* Prompt: Produce word for word the lines of the data below running from the one that has "else ((logn p" to the one that has "forall ps : seq", inclusive, and no others.

:: The records ::

(* Let $k\ge1$, $m_1,\dots,m_k\ge1$ integers with at least one $m_i\neq1$, and $\varepsilon_1,\dots,\varepsilon_k\in\{-1,1\}$. Then $\mathcal S(\underbrace{0,\dots,0}_{m_1-1},\varepsilon_1,\underbrace{0,\dots,0}_{m_2-1},\varepsilon_2,\dots,\underbrace{0,\dots,0}_{m_k-1},\varepsilon_k,1)=0.$
   Context: Let $V=\mathbb Q^\times\otimes_{\mathbb Z}\mathbb Q$ (torsion, in particular $-1$, becomes $0$); for $f\in\mathbb Q^\times$ write $f$ for its image in $V$. Tensors in $V^{\otimes n}$ are multilinear in the multiplicative sense, and any formal tensor having the number $0$ as a factor is interpreted as $0$. Define $\mu(x,y)=1-y/x$ if $x\ne0$, $\mu(0,y)=y$. For a tuple $(a_1,\dots,a_m)$, $m\ge2$ (the decorated polygon $P(a_1,\dots,a_m)$ with root decoration $a_m$, attached to $G(a_{m-1},\dots,a_1;a_m)$), define $\mathcal S(a_1,\dots,a_m)\in V^{\otimes(m-1)}$ by $\mathcal S(a_1,a_2)=\mu(a_1,a_2)$ and, for $m\ge3$, $\mathcal S(a_1,\dots,a_m)=\sum_{i=1}^{m-1}\mathcal S(a_1,\dots,\widehat{a_i},\dots,a_m)\otimes\mu(a_i,a_{i+1})-\sum_{i=2}^{m-1}\mathcal S(a_1,\dots,\widehat{a_i},\dots,a_m)\otimes\mu(a_i,a_{i-1})$. *)

From HB Require Import structures.
From mathcomp Require Import all_boot all_order all_algebra.
Set Implicit Arguments. Unset Strict Implicit. Unset Printing Implicit Defensive.
Import Order.TTheory GRing.Theory Num.Theory.
Local Open Scope ring_scope.

Definition mu (x y : rat) : rat := if x == 0 then y else 1 - y / x.

(* A formal tensor in V^{(x) n}, V = Q^x (x)_Z Q: a finite Z-linear combination
   of pure tensors f_1 (x) ... (x) f_n with f_i in Q (a factor 0 makes the pure
   tensor 0, by the stated convention). *)
Definition ftensor := seq (int * seq rat).

Definition tappend (t : ftensor) (f : rat) : ftensor :=
  [seq (x.1, rcons x.2 f) | x <- t].
Definition topp (t : ftensor) : ftensor := [seq (- x.1, x.2) | x <- t].

Definition drop_at (i : nat) (a : seq rat) : seq rat := take i a ++ drop i.+1 a.

Fixpoint S_aux (n : nat) (a : seq rat) : ftensor :=
  match n with
  | 0 => [:: (1%:Z, [:: mu a`_0 a`_1])]
  | n'.+1 =>
      flatten [seq tappend (S_aux n' (drop_at i a)) (mu a`_i a`_i.+1)
              | i <- iota 0 (size a).-1]
      ++ topp (flatten [seq tappend (S_aux n' (drop_at i a)) (mu a`_i a`_i.-1)
              | i <- iota 1 (size a).-2])
  end.

Definition S (a : seq rat) : ftensor := S_aux (size a - 2) a.

(* p-adic valuation on Q^x (the image of f in V = Q^x (x) Q is determined by its
   valuations at all primes; -1 maps to 0).  Value at 0 is irrelevant-set to 0,
   matching the convention that a pure tensor with a factor 0 is 0. *)
Definition vp (p : nat) (q : rat) : rat :=
  if q == 0 then 0
  else ((logn p `|numq q|%N)%:Z - (logn p `|denq q|%N)%:Z)%:~R.

(* Coordinate of a tensor in V^{(x) n} on the basis vector p_1 (x) ... (x) p_n
   (V has Q-basis the primes). *)
Definition tcoord (t : ftensor) (ps : seq nat) : rat :=
  \sum_(x <- t)
     (x.1)%:~R * (if size x.2 == size ps
                  then \prod_(pf <- zip ps x.2) vp pf.1 pf.2 else 0).

Definition tensor_zero (n : nat) (t : ftensor) : Prop :=
  forall ps : seq nat, size ps = n -> all prime ps -> tcoord t ps = 0.

Definition zeta_word (ms : seq nat) (es : seq rat) : seq rat :=
  flatten [seq rcons (nseq (me.1 - 1) 0) me.2 | me <- zip ms es] ++ [:: 1].

From mathcomp Require Import all_boot all_order all_algebra.
From mathcomp Require Import zify.
Import GRing.Theory Num.Theory.
Local Open Scope ring_scope.

(* All entries of the word lie in {0, 1, -1}, and they all map to 0 in V.  As
   long as the word contains a 0, every pure tensor produced by the recursion
   for S has a factor in {0, 1, -1}: removing a 0 at position i contributes
   the factor mu(0, a_{i+-1}) = a_{i+-1}, and removing a nonzero entry leaves a
   0 in the shorter word, so induction applies; for a word (x, y) containing
   a 0, mu(x, y) is y or lies in {0, 1}.  Hence every coordinate of S
   vanishes. *)

Definition trivialV (f : rat) : bool := (f == 0) || (f == 1) || (f == -1).

Definition has_trivial_factors (t : ftensor) : bool :=
  all (fun x => has trivialV x.2) t.

Lemma vp_trivialV p f : trivialV f -> vp p f = 0.
Proof. by rewrite /vp => /orP [/orP [] | ] /eqP-> //=; rewrite logn1. Qed.

Lemma nth_trivialV (a : seq rat) i : all trivialV a -> trivialV a`_i.
Proof.
move=> /allP Ha; have [lt_ia | ?] := ltnP i (size a).
  exact/Ha/mem_nth.
by rewrite nth_default // /trivialV eqxx.
Qed.

Lemma mu0_trivialV y : trivialV y -> trivialV (mu 0 y).
Proof. by rewrite /mu eqxx. Qed.

Lemma mu_x0_trivialV x : trivialV (mu x 0).
Proof. by rewrite /mu; case: ifP; rewrite ?mul0r ?subr0 /trivialV eqxx ?orbT. Qed.

Lemma size_drop_at (a : seq rat) i :
  (i < size a)%N -> size (drop_at i a) = (size a).-1.
Proof. by move=> lt_ia; rewrite /drop_at size_cat size_take size_drop lt_ia; lia. Qed.

Lemma all_drop_at (P : pred rat) (a : seq rat) i : all P a -> all P (drop_at i a).
Proof.
rewrite /drop_at all_cat => Ha; apply/andP; split.
  by rewrite -(cat_take_drop i a) all_cat in Ha; case/andP: Ha.
by rewrite -(cat_take_drop i.+1 a) all_cat in Ha; case/andP: Ha.
Qed.

Lemma mem_drop_at (a : seq rat) i y :
  (i < size a)%N -> a`_i != y -> y \in a -> y \in drop_at i a.
Proof.
move=> lt_ia neq_y; rewrite -{1}(cat_take_drop i a) (drop_nth 0 lt_ia).
by rewrite /drop_at !mem_cat in_cons eq_sym (negbTE neq_y).
Qed.

Lemma has_trivial_factors_tappend t f :
  trivialV f || has_trivial_factors t -> has_trivial_factors (tappend t f).
Proof.
move=> Htf; rewrite /tappend /has_trivial_factors all_map.
apply/allP => x xt /=; rewrite has_rcons.
by case/orP: Htf => [-> // | /allP/(_ x xt) ->]; rewrite orbT.
Qed.

Lemma has_trivial_factors_topp t :
  has_trivial_factors (topp t) = has_trivial_factors t.
Proof. by rewrite /has_trivial_factors all_map. Qed.

Lemma has_trivial_factors_flatten (ts : seq ftensor) :
  all has_trivial_factors ts -> has_trivial_factors (flatten ts).
Proof.
move=> /allP Hts; apply/allP => x /flattenP [t /Hts /allP Ht].
exact: Ht.
Qed.

Lemma has_trivial_factors_S_aux n (a : seq rat) :
  size a = n.+2 -> all trivialV a -> 0 \in a ->
  has_trivial_factors (S_aux n a).
Proof.
elim: n a => [|n IHn] a size_a triv_a a0 /=.
  case: a size_a a0 triv_a => [|x [|y [|]]] // _.
  rewrite /has_trivial_factors /= !in_cons in_nil !andbT !orbF.
  by case/orP => /eqP<- /andP [_ ?]; [apply: mu0_trivialV | apply: mu_x0_trivialV].
have step i f : (i < size a)%N -> (a`_i == 0 -> trivialV f) ->
    has_trivial_factors (tappend (S_aux n (drop_at i a)) f).
  move=> lt_ia Hf; apply: has_trivial_factors_tappend.
  have [/Hf -> // | ai_neq0] := boolP (a`_i == 0).
  rewrite IHn ?orbT ?all_drop_at ?mem_drop_at //.
  by rewrite size_drop_at // size_a.
rewrite [has_trivial_factors _]all_cat -!/(has_trivial_factors _) has_trivial_factors_topp.
apply/andP; split; apply: has_trivial_factors_flatten;
  apply/allP => t /mapP [i]; rewrite mem_iota size_a => /andP [_ lt_i] ->;
  (apply: step => [|/eqP ai0]; first lia);
  by rewrite ai0 mu0_trivialV ?nth_trivialV.
Qed.

Lemma tcoord_trivial_factors (t : ftensor) ps :
  has_trivial_factors t -> tcoord t ps = 0.
Proof.
move=> /allP Ht; rewrite /tcoord big1_seq // => x /andP [_ xt].
case: eqP => [size_eq | _]; last by rewrite mulr0.
apply/eqP; rewrite mulf_eq0 prodf_seq_eq0; apply/orP; right.
elim: ps x.2 size_eq (Ht x xt) => [|p ps IHps] [|f fs] //= [size_eq].
by case/orP => [/vp_trivialV -> | /IHps -> //]; rewrite ?eqxx ?orbT.
Qed.

Section ZetaWord.

Variables (ms : seq nat) (es : seq rat).

Let blocks := flatten [seq rcons (nseq (me.1 - 1) 0) me.2 | me <- zip ms es].

Lemma all_trivialV_blocks :
  all (fun e => (e == 1) || (e == -1)) es -> all trivialV blocks.
Proof.
rewrite /blocks; elim: ms es => [|m ms' IH] [|e es'] //= /andP [He Hes].
rewrite all_cat IH // andbT all_rcons /trivialV -orbA He orbT /=.
by apply/allP => z /nseqP [-> _]; rewrite eqxx.
Qed.

Lemma mem0_blocks : size ms = size es ->
  all (fun m => 1 <= m)%N ms -> has (fun m => m != 1%N) ms -> 0 \in blocks.
Proof.
rewrite /blocks; elim: ms es => [|m ms' IH] [|e es'] //= [size_eq].
case/andP => m_gt0 ms_gt0; rewrite mem_cat mem_rcons in_cons mem_nseq eqxx.
by case/orP => [m_neq1 | /IH -> //]; rewrite ?orbT // andbT; lia.
Qed.

End ZetaWord.

Theorem mainTheorem7 (k : nat) (ms : seq nat) (es : seq rat) :
  (1 <= k)%N -> size ms = k -> size es = k ->
  all (fun m => 1 <= m)%N ms -> has (fun m => m != 1%N) ms ->
  all (fun e => (e == 1) || (e == -1)) es ->
  tensor_zero (size (zeta_word ms es)).-1 (S (zeta_word ms es)).
Proof.
move=> _ size_ms size_es ms_gt0 ms_neq1 es_sign ps _ _.
have blocks0 := mem0_blocks ms es (etrans size_ms (esym size_es)) ms_gt0 ms_neq1.
have triv_blocks := all_trivialV_blocks ms es es_sign.
rewrite /S /zeta_word; set b := flatten _ in blocks0 triv_blocks *.
have size_b : (0 < size b)%N by rewrite lt0n size_eq0; apply: contraTneq blocks0 => ->.
apply/tcoord_trivial_factors/has_trivial_factors_S_aux.
- by rewrite size_cat addn1 subn2; case: (size b) size_b.
- by rewrite all_cat triv_blocks.
- by rewrite mem_cat blocks0.
Qed.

:::

* Result:
  else ((logn p `|numq q|%N)%:Z - (logn p `|denq q|%N)%:Z)%:~R.

(* Coordinate of a tensor in V^{(x) n} on the basis vector p_1 (x) ... (x) p_n
   (V has Q-basis the primes). *)
Definition tcoord (t : ftensor) (ps : seq nat) : rat :=
  \sum_(x <- t)
     (x.1)%:~R * (if size x.2 == size ps
                  then \prod_(pf <- zip ps x.2) vp pf.1 pf.2 else 0).

Definition tensor_zero (n : nat) (t : ftensor) : Prop :=
  forall ps : seq nat, size ps = n -> all prime ps -> tcoord t ps = 0.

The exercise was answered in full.